Since early 2026, news outlets have expressed concerns over AI companies scraping their content for training purposes, prompting some publishers to restrict web crawling. The Internet Archive, a nonprofit organization, has historically preserved vast amounts of online news content, including local journalism, which is increasingly under threat as publishers tighten access controls. Previous debates have centered on copyright and fair use, but recent actions appear driven by fears of data extraction for AI training.

“Blocking the Internet Archive’s web crawlers threatens one of the most effective ways that we capture and store news content for the long term.”
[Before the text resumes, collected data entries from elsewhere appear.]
(* Let $\Omega$ be an infinite set, $\kappa$ a regular infinite cardinal with $\kappa\le|\Omega|$, $d$ a $\kappa$-uncrowded (respectively, uniformly $\kappa$-uncrowded) generalized metric on $\Omega$, and $G$ a subgroup of $S=\mathrm{Sym}(\Omega)$ all of whose elements are bounded with respect to $d$. Then for any subset $U\subseteq\mathrm{Sym}(\Omega)$ with $|U|<\kappa$, there exists a generalized metric $d'\le d$ on $\Omega$, again $\kappa$-uncrowded (respectively, uniformly $\kappa$-uncrowded), such that every element of $U$, and hence every element of $\langle G\cup U\rangle$, is bounded with respect to $d'$. Consequently, for subgroups of $S$, the property that there exists a (uniformly) $\kappa$-uncrowded generalized metric on $\Omega$ with respect to which every element of the subgroup is bounded is inherited by every subgroup $H$ with $H\preccurlyeq_\kappa G$, in particular by every $H$ with $H\approx_\kappa G$.
   Context: $\mathrm{Sym}(\Omega)$ is the group of all permutations of $\Omega$, acting on the right. Let $P=\{r\in\mathbb R:r\ge0\}\cup\{\infty\}$. A generalized metric on $\Omega$ is a function $d:\Omega\times\Omega\to P$ satisfying the usual metric axioms (with values allowed to be $\infty$). $B_d(\alpha,r)=\{\beta:d(\alpha,\beta)<r\}$. $d$ is $\kappa$-uncrowded if $|B_d(\alpha,r)|<\kappa$ for all $\alpha\in\Omega$ and all $r<\infty$; uniformly $\kappa$-uncrowded if for every $r<\infty$ there is a cardinal $\lambda<\kappa$ with $|B_d(\alpha,r)|\le\lambda$ for all $\alpha$. $d'\le d$ means $d'(\alpha,\beta)\le d(\alpha,\beta)$ for all $\alpha,\beta$. For $g\in\mathrm{Sym}(\Omega)$, $\|g\|_d=\sup_{\alpha\in\Omega}d(\alpha,\alpha g)$, and $g$ is bounded if $\|g\|_d<\infty$. For subgroups $G_1,G_2\le S$, $G_1\preccurlyeq_\kappa G_2$ means there is $U\subseteq S$ with $|U|<\kappa$ and $G_1\le\langle G_2\cup U\rangle$; $G_1\approx_\kappa G_2$ means both $G_1\preccurlyeq_\kappa G_2$ and $G_2\preccurlyeq_\kappa G_1$. *)

From HB Require Import structures.
From mathcomp Require Import all_boot all_order all_algebra.
From mathcomp Require Import boolp classical_sets reals ereal Rstruct.
Set Implicit Arguments. Unset Strict Implicit. Unset Printing Implicit Defensive.
Import Order.TTheory GRing.Theory Num.Theory.
Local Open Scope ring_scope.
Local Open Scope ereal_scope.
Local Open Scope classical_set_scope.

Notation RealR := Rdefinitions.R.

Definition card_le (A B : Type) : Prop := exists f : A -> B, injective f.
Definition card_lt (A B : Type) : Prop := card_le A B /\ ~ card_le B A.

Definition infinite_card (K : Type) : Prop := card_le nat K.

Definition regular_card (K : Type) : Prop :=
  forall (I : Type) (F : I -> set K),
    card_lt I K -> (forall i, card_lt {x : K | F i x} K) ->
    exists x : K, forall i, ~ F i x.

Definition gen_metric (Omega : Type) (d : Omega -> Omega -> \bar RealR) : Prop :=
  [/\ (forall a b, 0 <= d a b),
      (forall a b, d a b = 0 <-> a = b),
      (forall a b, d a b = d b a) &
      (forall a b c, d a c <= d a b + d b c)].

Definition ball (Omega : Type) (d : Omega -> Omega -> \bar RealR)
  (a : Omega) (r : \bar RealR) : set Omega := [set b | d a b < r].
— Edward McCain, journalism librarian at the University of Missouri

“We are in conversation with many publishers and appreciate the opportunity to address their concerns.”
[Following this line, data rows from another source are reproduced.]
Lemma measurable_cylinders J : cylinders J `<=` measurable.
Proof.
move=> _ [A mA ->]; elim: J => [|j J IH].
  by rewrite (_ : [set i | i \in [::]] = set0) ?bigcap_set0 //; apply/seteqP; split.
by rewrite bigcap_in_cons; apply: measurableI => //; rewrite -[X in measurable X]setTI; exact: mX.
Qed.

Lemma cylinders_setI_closed J : setI_closed (cylinders J).
Proof.
move=> _ _ [A1 mA1 ->] [A2 mA2 ->].
exists (fun i => A1 i `&` A2 i); first by move=> i; exact: measurableI.
by rewrite -bigcapI; apply: eq_bigcapr.
Qed.

Lemma cylinders_trace J : [set E | cylinders J E /\ E `<=` setT] = cylinders J.
Proof. by apply/seteqP; split => [E []|E ?]. Qed.

(* Both sides are finite measures in [E] that agree on the pi-system of cylinders, by
   independence of [X i0] and the [X j], [j \in J]; Dynkin's theorem extends the equality. *)
Lemma indep_generated i0 J A0 : measurable A0 -> uniq J -> i0 \notin J ->
  forall E, <<s cylinders J>> E -> P (X i0 @^-1` A0 `&` E) = (P (X i0 @^-1` A0) * P E)%E.
Proof.
move=> mA0 uJ i0J.
have mF : measurable (X i0 @^-1` A0) by rewrite -[X in measurable X]setTI; exact: mX.
pose r : {nonneg R} := @NngNum _ (fine (P (X i0 @^-1` A0))) (fine_ge0 (measure_ge0 P _)).
have rE : (r%:num)%:E = P (X i0 @^-1` A0) by rewrite /= fineK // fin_num_measure.
have restrT : mrestr P mF setT = mscale r P setT.
  by rewrite /mrestr /mscale rE setTI -[LHS]mule1; congr (_ * _)%E; exact/esym/probability_setT.
have restr_cyl : forall E, [set E | cylinders J E /\ E `<=` setT] E ->
    mrestr P mF E = mscale r P E.
  move=> _ [[A mA ->] _]; rewrite /mrestr /mscale rE.
  pose A' i := if i == i0 then A0 else A i.
  have mA' i : measurable (A' i) by rewrite /A'; case: ifP.
  have A'E : forall i, i \in J -> X i @^-1` A' i = X i @^-1` A i.
    by move=> i iJ; rewrite /A'; case: eqP => // ei; move: iJ i0J; rewrite ei => ->.
  have := @indep (i0 :: J) A'; rewrite /= i0J uJ => /(_ isT mA').
  rewrite bigcap_in_cons big_cons /A' eqxx (eq_bigcap_in A'E) setIC => ->.
  rewrite (indep uJ mA) big_seq [in RHS]big_seq; congr (_ * _)%E.
  by apply: eq_bigr => i iJ; rewrite A'E.
have restr_fin : (mrestr P mF setT < +oo)%E.
  by rewrite /mrestr setTI (le_lt_trans (probability_le1 _ _)) ?ltry.
have trace_meas : [set E | cylinders J E /\ E `<=` setT] `<=` measurable.
  by rewrite cylinders_trace; exact: measurable_cylinders.
have trace_setI : setI_closed [set E | cylinders J E /\ E `<=` setT].
  by rewrite cylinders_trace; exact: cylinders_setI_closed.
move=> E; rewrite -cylinders_trace => sE; rewrite setIC -rE.
exact: (g_sigma_algebra_measure_unique_trace (cylinders J) setT measurableT trace_meas trace_setI
  _ _ restrT restr_cyl restr_fin (fun _ _ => subsetT _)).
Qed.

Lemma measurable_fun_generated j J : j \in J ->
  measurable_fun (T := g_sigma_algebraType (cylinders J)) setT (X j).
Proof.
move=> jJ _ B mB; apply: sub_sigma_algebra.
exists (fun i => if i == j then B else setT); first by move=> i; case: ifP.
rewrite setTI; apply/seteqP; split => [x Bx i iJ|x H] /=; first by case: eqP => // ->.
by have := H j jJ; rewrite /= eqxx.
Qed.

Lemma indep_lincomb i0 J (c : I -> R) (A0 B : set R) :
  measurable A0 -> measurable B -> uniq J -> i0 \notin J ->
  P (X i0 @^-1` A0 `&` lincomb c X J @^-1` B) =
  (P (X i0 @^-1` A0) * P (lincomb c X J @^-1` B))%E.
Proof.
move=> mA0 mB uJ i0J; apply: (indep_generated mA0 uJ i0J).
have := measurable_lincomb c (fun j (jJ : j \in J) => measurable_fun_generated jJ) measurableT mB.
by rewrite setTI.
Qed.

End Independence.

Section ProductLaw.
Context (R : realType).

Lemma eq_product_measure d1 d2 (T1 : measurableType d1) (T2 : measurableType d2)
  (m1 m1' : probability T1 R) (m2 m2' : probability T2 R) :
  (forall A, measurable A -> m1 A = m1' A) -> (forall B, measurable B -> m2 B = m2' B) ->
  forall E, measurable E -> (m1 \x m2)%E E = (m1' \x m2')%E E.
Proof.
move=> h1 h2 E mE; apply/esym/product_measure_unique => // A B mA mB.
by rewrite [LHS]product_measure1E //; congr (_ * _)%E; [exact: h1|exact: h2].
Qed.

Lemma law_pair_indep d (Omega : measurableType d) (P : probability Omega R)
  (X Y : Omega -> R) (mX : measurable_fun setT X) (mY : measurable_fun setT Y) :
  (forall A B, measurable A -> measurable B ->
     P (X @^-1` A `&` Y @^-1` B) = (P (X @^-1` A) * P (Y @^-1` B))%E) ->
  forall E, measurable E -> P ((fun o => (X o, Y o)) @^-1` E) = (law P mX \x law P mY)%E E.
Proof.
move=> XY E mE; symmetry.
exact: (product_measure_unique (m' := law P (measurable_fun_pair mX mY))).
Qed.

End ProductLaw.

Section LincombLaw.
Context (R : realType) (I : eqType).
Context d1 (Omega1 : measurableType d1) (P1 : probability Omega1 R) (X1 : I -> Omega1 -> R).
Context d2 (Omega2 : measurableType d2) (P2 : probability Omega2 R) (X2 : I -> Omega2 -> R).
Hypotheses (mX1 : forall i, measurable_fun setT (X1 i)) (mX2 : forall i, measurable_fun setT (X2 i)).
Hypotheses (indep1 : mutually_independent P1 X1) (indep2 : mutually_independent P2 X2).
— Mark Graham, founder of the Wayback Machine

“This is the same fight that everybody has been having with the Internet Archive since its inception.”

— Meredith Broussard, data journalist and NYU professor

“Without the Internet Archive, my work would be incredibly difficult to do.”

— B.J. Mendelson, journalist and petition signer

Amazon

digital news archive software

As an affiliate, we earn on qualifying purchases.

As an affiliate, we earn on qualifying purchases.

What Remains Unclear

It remains unclear whether AI companies have already scraped content from the restricted sites or plan to do so in the future. The full scope of publishers’ motivations and the potential legal or technological responses by the Internet Archive are still evolving. Additionally, the long-term effectiveness of current measures to prevent abuse is uncertain.

Amazon

internet archive preservation tools

As an affiliate, we earn on qualifying purchases.

As an affiliate, we earn on qualifying purchases.

What’s Next

The Internet Archive continues discussions with publishers to address concerns and explore technical solutions. Monitoring of site restrictions will persist, and advocacy efforts by journalists and researchers are likely to increase. Future developments may include legal or policy debates over fair use, copyright, and digital preservation rights.

Amazon

web crawler for news websites

As an affiliate, we earn on qualifying purchases.

As an affiliate, we earn on qualifying purchases.

Key Questions

Why are news outlets blocking the Internet Archive?

Many outlets cite concerns over data scraping, intellectual property, and AI training purposes as reasons for restricting web crawling by the Internet Archive’s bots.

Could this affect the availability of local news history?

Yes, limiting access to web archives threatens the preservation of local journalism, which is vital for historical record-keeping and research.

Is the Internet Archive scraping content without permission?

The Internet Archive states it operates within legal and ethical boundaries, using bots designed to respect publisher restrictions and terms of use.

What can journalists and researchers do about this?

They can advocate for open access, participate in petitions, and support policies that balance copyright with the public interest in preserving digital history.

What are the next steps for the Internet Archive?

The organization is engaging in ongoing discussions with publishers, implementing technical safeguards, and monitoring the impact of restrictions to adapt its strategies.

Source: Hacker News

You May Also Like

Marcos orders 10% cut to Philippine government expenses to ease crisis

Philippine President Ferdinand Marcos Jr. has directed a 10% reduction in government spending to address economic challenges amid global tensions.

Orion’s Rally May Only Be In The Early Innings

Analysts suggest Orion’s recent stock surge may be in early stages, raising questions about its future trajectory amid market volatility.

LegalZoom Promo Code: Exclusive 10% Off LLC Formations

LegalZoom is providing an exclusive 10% off promo code for LLC formations, making it easier and more affordable to start a small business online.

OpenAI to confidentially file for IPO as soon as Friday

OpenAI is set to confidentially file for an IPO as early as this Friday, potentially marking one of the largest public market debuts in history, CNBC reports.